Exercise details
Search for the word "mathcomp" in the entries. Each line that holds it should be copied.

Exercise material

Definition is_prism (N : nat) : Prop :=
  (3 <= N)%N /\ [/\ #|vertices| = (2 * N)%N,
      #|faces| = (N + 2)%N,
      #|[set f in faces | flen f == N]| = (if N == 4 then N + 2 else 2)%N,
      (forall f, f \in faces -> (flen f == 4) || (flen f == N))
    & (forall v, face_vector v = sort leq [:: 4; 4; N])].

Definition is_antiprism (N : nat) : Prop :=
  (3 <= N)%N /\ [/\ #|vertices| = (2 * N)%N,
      #|faces| = (2 * N + 2)%N,
      #|[set f in faces | flen f == N]| = (if N == 3 then 2 * N + 2 else 2)%N,
      (forall f, f \in faces -> (flen f == 3) || (flen f == N))
    & (forall v, face_vector v = sort leq [:: 3; 3; 3; N])].

Definition planar_PCC : Prop :=
  [/\ simple_spherical_map,
      (forall v : D, (0 < curvature v)%R),
      (forall v : D, 3 <= deg v)%N,
      (forall N, ~ is_prism N)
    & (forall N, ~ is_antiprism N)].

Definition A156 (s : D) : {set D} :=
  [set v in face_verts s |
     (face_vector v == [:: 3; 3; 3; flen s]) ||
     (face_vector v == [:: 3; 5; flen s]) ||
     (face_vector v == [:: 3; 6; flen s])].

Definition Tset (s : D) : {set D} :=
  [set t in faces | (flen t == 3) &&
     [exists v1 in A156 s, exists v2 in A156 s,
        [&& v1 != v2, v1 \in face_verts t & v2 \in face_verts t]]].

Definition C1 (s : D) : {set D} :=
  [set v in vertices | (v \notin face_verts s) &&
     [exists t in Tset s, v \in face_verts t]].

End RotMapDefs.

(* Everything is forced by the positive curvature at each vertex.  Faces have
   length at least 3 and |sigma| >= 42, so a vertex has at most one corner in
   sigma, and a vertex with a sigma-corner next to two triangles has degree 4.
   Take a triangle of T, with its two vertices in A1 u A5 u A6.  The edge
   joining these two vertices lies on sigma: otherwise the face vectors
   prescribed at its ends produce a strip of triangles attached to sigma at
   both ends, and such a strip propagates along sigma in opposite directions
   until its two ends collide.  A sigma-corner at the third vertex (the apex)
   would produce such a strip as well, so the apex is the unique vertex of the
   triangle in C1.  Finally, two distinct triangles of T cannot share their
   apex vertex: the two apexes and the two corners preceding them leave too
   little curvature unless that vertex has degree 4 or 5 with a triangle or a
   pentagon in a prescribed position, and following these faces around leads
   back to a second corner of sigma at a vertex that already has one. *)

From HB Require Import structures.
From mathcomp Require Import all_boot all_order all_algebra.
From mathcomp Require Import zify ring lra.
Set Implicit Arguments. Unset Strict Implicit. Unset Printing Implicit Defensive.
Import Order.TTheory GRing.Theory Num.Theory.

Task output
From mathcomp Require Import all_boot all_order all_algebra.
From mathcomp Require Import zify ring lra.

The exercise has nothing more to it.